Die Aussage des Musikers aus der Atl-68-Szene C. Lenz „Es wäre gut, wenn die Organisationen der Energiewende jetzt gemeinsam Eckpunkte für die Umsetzung des Winterpakets aufstellen, bevor das die Bundesregierung tut“ ist eher amüsant. Seit wann können Lobbygruppen in Deutschland an den Fraktionen der Regierung und der sie tragenden Fraktionen vorbei solche Reglungen in Gesetze und Rechtsverordnungen vorbei durch setzten?
Es darf bezweifelt werden ob die Situation für deutsche Eigenversorger verbessert wird. Die Bedingungen in anderen Mitgliedstaaten sind oder waren zum Zeitpunkt der ersten Entwürfe des Pakets noch deutlich schlechter als in DE.

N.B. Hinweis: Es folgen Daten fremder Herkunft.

Lemma binom_partial_le N s x : 0 <= s -> 0 <= x < 1 ->
  binom_partial N s x <= Rpower (1 - x) (- s).
Proof.
  revert s x. induction N as [|N IH]; intros s x Hs Hx.
  - unfold binom_partial. rewrite sum_O. simpl.
    replace (1 / 1 * 1) with 1 by field. now apply Rpower_1m_ge1.
  - destruct (Req_dec x 0) as [-> | Hx0].
    { rewrite binom_partial_at_0. apply Rpower_1m_ge1; lra. }
    (* The gap vanishes at 0, and its derivative is s times the gap of order N at s + 1. *)
    set (gap := fun t => Rpower (1 - t) (- s) - binom_partial (S N) s t).
    destruct (MVT_cor2 gap (fun t => s * Rpower (1 - t) (- (s + 1)) - s * binom_partial N (s + 1) t) 0 x)
      as [t [Hgap Ht]]; [lra | |].
    { intros t Ht. apply derivable_pt_lim_minus;
        [apply derivable_pt_lim_Rpower_1m; lra | apply derivable_pt_lim_binom_partial]. }
    assert (Hgap0 : gap 0 = 0).
    { unfold gap, Rpower. rewrite binom_partial_at_0, Rminus_0_r, ln_1, Rmult_0_r, exp_0. ring. }
    assert (binom_partial N (s + 1) t <= Rpower (1 - t) (- (s + 1))) by (apply IH; lra).
    assert (0 <= gap x); [| unfold gap in *; lra].
    rewrite Hgap0, !Rminus_0_r in Hgap. rewrite Hgap, <- Rmult_minus_distr_l.
    apply Rmult_le_pos; [apply Rmult_le_pos |]; lra.
Qed.

Lemma binom_series_le s x : 0 <= s -> 0 <= x < 1 ->
  ex_series (fun k => rising s k / INR (fact k) * x ^ k) /\
  Series (fun k => rising s k / INR (fact k) * x ^ k) <= Rpower (1 - x) (- s).
Proof.
  intros Hs Hx. apply ex_series_bounded_sum_n.
  - intro k. apply Rmult_le_pos; [apply Rdiv_le_0_compat; [now apply rising_ge0 | apply INR_fact_lt_0] |].
    apply pow_le. lra.
  - intro N. now apply binom_partial_le.
Qed.

(** * The operator Δ_θ on monomials *)

Lemma is_derive_of_quadratic_remainder (f : C -> C) (z l : C) (K : R) :
  0 < K -> (forall h, Cmod h <= 1 -> Cmod (f (z + h) - f z - h * l)%C <= K * Cmod h ^ 2) ->
  is_derive f z l.
Proof.
  intros HK Hrem. split; [apply is_linear_scal_l |].
  intros x Hx. rewrite <- (is_filter_lim_locally_unique (K := C_AbsRing) _ _ Hx).
  intro eps.
  assert (Hdelta : 0 < Rmin 1 (eps / K))
    by (apply Rmin_pos; [lra | apply Rdiv_lt_0_compat; [apply cond_pos | exact HK]]).
  exists (mkposreal _ Hdelta). intros y Hy.
  change (Cmod (f y - f z - (y - z) * l)%C <= eps * Cmod (y - z)%C).
  change (Cmod (y - z)%C < Rmin 1 (eps / K)) in Hy.
  set (h := (y - z)%C) in *. replace y with (z + h)%C by (unfold h; ring).
  assert (Hh1 : Cmod h <= 1) by (generalize (Rmin_l 1 (eps / K)); lra).
  assert (HhK : K * Cmod h <= eps).
  { generalize (Rmin_r 1 (eps / K)). intro.
    apply (Rmult_le_reg_r (/ K)); [now apply Rinv_0_lt_compat |].
    replace (K * Cmod h * / K) with (Cmod h) by (field; lra). lra. }
  eapply Rle_trans; [exact (Hrem h Hh1) |].
  generalize (Cmod_ge_0 h). intro. simpl. nra.
Qed.

Definition dCpow (n : nat) (z : C) : C := (RtoC (INR n) * Cpow z (n - 1))%C.

Lemma Cmult_dCpow n z : (z * dCpow n z = RtoC (INR n) * Cpow z n)%C.
Proof.
  unfold dCpow. destruct n as [|n]; [simpl; ring |].
  replace (S n - 1)%nat with n by lia. simpl Cpow. ring.
Qed.

Lemma Cmod_INR n : Cmod (RtoC (INR n)) = INR n.
Proof. rewrite Cmod_R. apply Rabs_pos_eq, pos_INR. Qed.

Lemma Cmod_dCpow_le n z : Cmod (dCpow n z) <= INR n * (1 + Cmod z) ^ n.
Proof.
  unfold dCpow. rewrite Cmod_mult, Cmod_INR, Cmod_pow.
  apply Rmult_le_compat_l; [apply pos_INR |].
  assert (Hz := Cmod_ge_0 z).
  destruct n as [|n]; [simpl; lra |]. replace (S n - 1)%nat with n by lia.
  apply Rle_trans with ((1 + Cmod z) ^ n); [apply pow_incr; lra |].
  simpl. generalize (pow_le (1 + Cmod z) n ltac:(lra)). nra.
Qed.

Lemma Cpow_remainder_bound n z h : Cmod h <= 1 ->
  Cmod (Cpow (z + h) n - Cpow z n - h * dCpow n z)%C
    <= Cmod h ^ 2 * INR n ^ 2 * (1 + Cmod z) ^ n.
Proof.
  intro Hh1. set (T := 1 + Cmod z).
  assert (HT : 1 <= T) by (unfold T; generalize (Cmod_ge_0 z); lra).
  assert (Hh := Cmod_ge_0 h).
  induction n as [|n IH].
  - unfold dCpow. simpl. replace (1 - 1 - h * (0 * 1))%C with (RtoC 0) by ring.
    rewrite Cmod_0. lra.
  - set (E := (Cpow (z + h) n - Cpow z n - h * dCpow n z)%C) in *.
    assert (Hrec : (Cpow (z + h) (S n) - Cpow z (S n) - h * dCpow (S n) z
                    = h * h * dCpow n z + (z + h) * E)%C).
    { assert (HS : dCpow (S n) z = (RtoC (INR n) * Cpow z n + Cpow z n)%C).
      { unfold dCpow. replace (S n - 1)%nat with n by lia. rewrite S_INR, RtoC_plus. ring. }
      rewrite HS, <- Cmult_dCpow. unfold E. simpl Cpow. ring. }
    rewrite Hrec. eapply Rle_trans; [apply Cmod_triangle |]. rewrite !Cmod_mult.
    assert (Hzh : Cmod (z + h) <= T) by (eapply Rle_trans; [apply Cmod_triangle | unfold T; lra]).
    assert (HTn : 1 <= T ^ n) by (apply pow_R1_Rle; lra).
    assert (Hn := pos_INR n).
    assert (H1 : Cmod h * Cmod h * Cmod (dCpow n z) <= Cmod h ^ 2 * ((2 * INR n + 1) * T ^ S n)).
    { assert (HnT : INR n * T ^ n <= (2 * INR n + 1) * T ^ S n).
      { assert (0 <= INR n * T ^ n * (T - 1)) by (apply Rmult_le_pos; [apply Rmult_le_pos |]; lra).
        simpl. nra. }
      replace (Cmod h ^ 2) with (Cmod h * Cmod h) by ring.
      eapply Rle_trans; [apply Rmult_le_compat_l; [nra | apply Cmod_dCpow_le] |].
      apply Rmult_le_compat_l; [nra | exact HnT]. }
    assert (H2 : Cmod (z + h) * Cmod E <= T * (Cmod h ^ 2 * INR n ^ 2 * T ^ n)).
    { apply Rmult_le_compat; [apply Cmod_ge_0 | apply Cmod_ge_0 | exact Hzh | exact IH]. }
    rewrite S_INR. simpl pow in *. nra.
Qed.

Lemma is_derive_Cpow_scal c n z :
  is_derive (fun w => c * Cpow w n)%C z (c * dCpow n z)%C.
Proof.
  apply is_derive_of_quadratic_remainder with (K := Cmod c * INR n ^ 2 * (1 + Cmod z) ^ n + 1).
  - assert (0 <= Cmod c * INR n ^ 2 * (1 + Cmod z) ^ n); [| lra].
    generalize (Cmod_ge_0 c) (Cmod_ge_0 z) (pos_INR n). intros.
    apply Rmult_le_pos; [apply Rmult_le_pos; [lra | apply pow_le; lra] | apply pow_le; lra].
  - intros h Hh.
    replace (c * Cpow (z + h) n - c * Cpow z n - h * (c * dCpow n z))%C
      with (c * (Cpow (z + h) n - Cpow z n - h * dCpow n z))%C by ring.
    rewrite Cmod_mult.
    eapply Rle_trans; [apply Rmult_le_compat_l; [apply Cmod_ge_0 | exact (Cpow_remainder_bound n z h Hh)] |].
    generalize (pow_le _ 2 (Cmod_ge_0 h)). intro. nra.
Qed.

Lemma C_derive_Cpow_scal c n :
  C_derive (fun w => c * Cpow w n)%C = (fun w => c * dCpow n w)%C.
Proof. apply functional_extensionality. intro z. apply is_C_derive_unique, is_derive_Cpow_scal. Qed.

Lemma Delta_Cpow_scal theta c n :
  Defs.Delta theta (fun w => c * Cpow w n)%C =
  (fun w => c * RtoC (INR n * (theta + INR (n - 1))) * Cpow w (n - 1))%C.
Proof.
  apply functional_extensionality. intro w. unfold Defs.Delta.
  rewrite C_derive_Cpow_scal.
  replace (fun w => c * dCpow n w)%C with (fun w => c * RtoC (INR n) * Cpow w (n - 1))%C
    by (apply functional_extensionality; intro; unfold dCpow; ring).
  rewrite C_derive_Cpow_scal.
  replace (RtoC theta * (c * dCpow n w) + w * (c * RtoC (INR n) * dCpow (n - 1) w))%C
    with (RtoC theta * (c * dCpow n w) + c * RtoC (INR n) * (w * dCpow (n - 1) w))%C by ring.
  rewrite Cmult_dCpow. unfold dCpow. rewrite RtoC_mult, RtoC_plus. ring.
Qed.

Fixpoint Delta_coef (theta : R) (k m : nat) : R :=
  match k with
  | O => 1
  | S k => Delta_coef theta k m * (INR (m - k) * (theta + INR (m - k - 1)))
  end.

Lemma Delta_pow_Cpow theta k m :
  Delta_pow theta k (fun w => Cpow w m) =
  (fun w => RtoC (Delta_coef theta k m) * Cpow w (m - k))%C.
Proof.
  induction k as [|k IH].
  - apply functional_extensionality. intro w. simpl. rewrite Nat.sub_0_r. ring.
  - simpl Delta_pow. rewrite IH, Delta_Cpow_scal.
    apply functional_extensionality. intro w. simpl Delta_coef.
    replace (m - S k)%nat with (m - k - 1)%nat by lia. now rewrite (RtoC_mult (Delta_coef theta k m)).
Qed.

Lemma Delta_coef_lt theta k m : (m < k)%nat -> Delta_coef theta k m = 0.
Proof.
  induction k as [|k IH]; intro Hmk; [lia |]. simpl.
  destruct (Nat.eq_dec m k) as [->|Hne].
  - rewrite Nat.sub_diag. simpl. ring.
  - rewrite IH by lia. ring.
Qed.

Lemma Delta_coef_diag theta k n :
  Delta_coef theta k (k + n) = INR (fact (k + n)) / INR (fact n) * rising (theta + INR n) k.
Proof.
  revert n. induction k as [|k IH]; intro n.
  - simpl. field. apply INR_fact_neq_0.
  - replace (S k + n)%nat with (k + S n)%nat by lia.
    change (Delta_coef theta (S k) (k + S n)) with
      (Delta_coef theta k (k + S n) * (INR (k + S n - k) * (theta + INR (k + S n - k - 1)))).
    replace (k + S n - k)%nat with (S n) by lia. replace (S n - 1)%nat with n by lia.
    rewrite IH, (fact_simpl n), mult_INR, S_INR, <- Rplus_assoc.
    change (rising (theta + INR n) (S k)) with ((theta + INR n) * rising (theta + INR n + 1) k).
    generalize (INR_fact_lt_0 n) (pos_INR n). intros. field. lra.
Qed.

(** * Power series of exponential type *)

Definition exp_type (c : nat -> C) : Prop :=
  exists M r, 0 <= r /\ forall n, Cmod (c n) <= M * r ^ n / INR (fact n).

Definition Cpseries (c : nat -> C) (z : C) : C := CSeries (fun n => c n * Cpow z n)%C.

Lemma ex_series_exp_terms (x : R) : ex_series (fun n => x ^ n / INR (fact n)).
Proof.
  exists (exp x). eapply is_series_ext; [| exact (proj1 (is_pseries_R _ _ _) (is_exp_Reals x))].
  intro n. simpl. unfold Rdiv. ring.
Qed.

Lemma INR_le_pow2 n : INR n <= 2 ^ n.
Proof.
  induction n as [|n IH]; [simpl; lra |].
  rewrite S_INR. simpl. generalize (pow_R1_Rle 2 n ltac:(lra)). lra.
Qed.

Lemma exp_type_summable c x p : exp_type c -> 0 <= x ->
  ex_series (fun n => Cmod (c n) * INR n ^ p * x ^ n).
Proof.
  intros [M [r [Hr Hc]]] Hx.
  assert (HM : 0 <= M) by (generalize (Hc O) (Cmod_ge_0 (c O)); simpl; lra).
  apply (ex_series_le (V := R_CompleteNormedModule) _ (fun n => M * ((2 ^ p * r * x) ^ n / INR (fact n)))).
  - intro n. change (Rabs (Cmod (c n) * INR n ^ p * x ^ n) <= M * ((2 ^ p * r * x) ^ n / INR (fact n))).
    assert (Hx_n := pow_le x n Hx). assert (Hr_n := pow_le r n Hr).
    assert (Hn_p := pow_le _ p (pos_INR n)). assert (Hfact := INR_fact_lt_0 n).
    assert (Hnp : INR n ^ p <= (2 ^ p) ^ n).
    { rewrite <- pow_mult, Nat.mul_comm, pow_mult. apply pow_incr. split; [apply pos_INR | apply INR_le_pow2]. }
    rewrite Rabs_pos_eq by (apply Rmult_le_pos; [apply Rmult_le_pos; [apply Cmod_ge_0 |] |]; assumption).
    apply Rle_trans with (M * r ^ n / INR (fact n) * (2 ^ p) ^ n * x ^ n).
    + apply Rmult_le_compat_r; [exact Hx_n |]. apply Rmult_le_compat; auto using Cmod_ge_0.
    + right. rewrite !Rpow_mult_distr. field. lra.
  - exact (ex_series_scal (V := R_NormedModule) M _ (ex_series_exp_terms _)).
Qed.

Lemma ex_series_Cpseries c z : exp_type c -> ex_series (fun n => c n * Cpow z n)%C.
Proof.
  intro Hc.
  apply (ex_series_le (V := C_CompleteNormedModule) _ (fun n => Cmod (c n) * INR n ^ 0 * Cmod z ^ n)).
  - intro n. change (Cmod (c n * Cpow z n)%C <= Cmod (c n) * 1 * Cmod z ^ n).
    rewrite Cmod_mult, Cmod_pow. lra.
  - exact (exp_type_summable c _ 0 Hc (Cmod_ge_0 z)).
Qed.

Definition deriv_coef (c : nat -> C) (n : nat) : C := (RtoC (INR (S n)) * c (S n))%C.

Lemma exp_type_deriv_coef c : exp_type c -> exp_type (deriv_coef c).
Proof.
  intros [M [r [Hr Hc]]]. exists (M * r), r. split; [exact Hr |]. intro n.
  unfold deriv_coef. rewrite Cmod_mult, Cmod_INR.
  generalize (Hc (S n)). rewrite fact_simpl, mult_INR. intro HcS.
  assert (Hfact := INR_fact_lt_0 n). assert (HS : 0 < INR (S n)) by (apply lt_0_INR; lia).
  apply Rle_trans with (INR (S n) * (M * r ^ S n / (INR (S n) * INR (fact n)))).
  - apply Rmult_le_compat_l; [lra | exact HcS].
  - right. simpl pow. field. lra.
Qed.

Lemma is_series_zero {K : AbsRing} {V : NormedModule K} : is_series (fun _ : nat => @zero V) zero.
Proof.
  apply (filterlim_ext (fun _ => zero)); [| apply filterlim_const].
  exact (fun N => eq_sym (sum_n_m_const_zero 0 N)).
Qed.

Lemma Cpseries_0 c : Cpseries c (RtoC 0) = c O.
Proof.
  apply CSeries_unique, (is_series_decr_1 (V := C_NormedModule)).
  match goal with |- is_series _ ?l => replace l with (@zero C_NormedModule) end.
  - eapply is_series_ext; [| exact is_series_zero].
    intro n. simpl. change (RtoC 0 = c (S n) * (0 * Cpow 0 n))%C. ring.
  - simpl. change (RtoC 0 = c O + - (c O * 1))%C. ring.
Qed.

Der oben zitierte Wortlaut lässt Raum für Grausamkeiten: Die EEG-Umlage könnte bspw. auf jede produzierte kWh erhoben werden und dann bei den eingespeisten Mengen vom PV-Betreiber weiterbelastet werden aber eben auch in voller Höhe auf den Eigenverbrauch entfallen. Ich will die Bundesregierung sicherlich nicht für Ihre bisherige „Zurückhaltung“ loben, aber Spanien hat den worstcase vorgemacht.
Fakt ist ja, dass auch mit voller EEG-Umlage heute bereits EE jedem Netzbezug überlegen sind und es schlicht keine wirtschaftlichen Argumente gibt, um für eine Abschaffung der EEG Umlage auf Eigenstrom zu pochen. Bei Perspektive 65 % der Stromversorgung auf Basis erneuerbare Energien wäre es naiv davon auszugehen, dass diese grundsätzlich von allen Gemeinkosten befreit sein beziehungsweise bleiben werden. Insbesondere die Netzentgelte für Einspeisung könnte ein großes Thema werden.
Klaus, Ihre obige Aussage verstehen offensichtlich nur Insider.
Ich eher nicht; bitte um sachliche Präzisierung.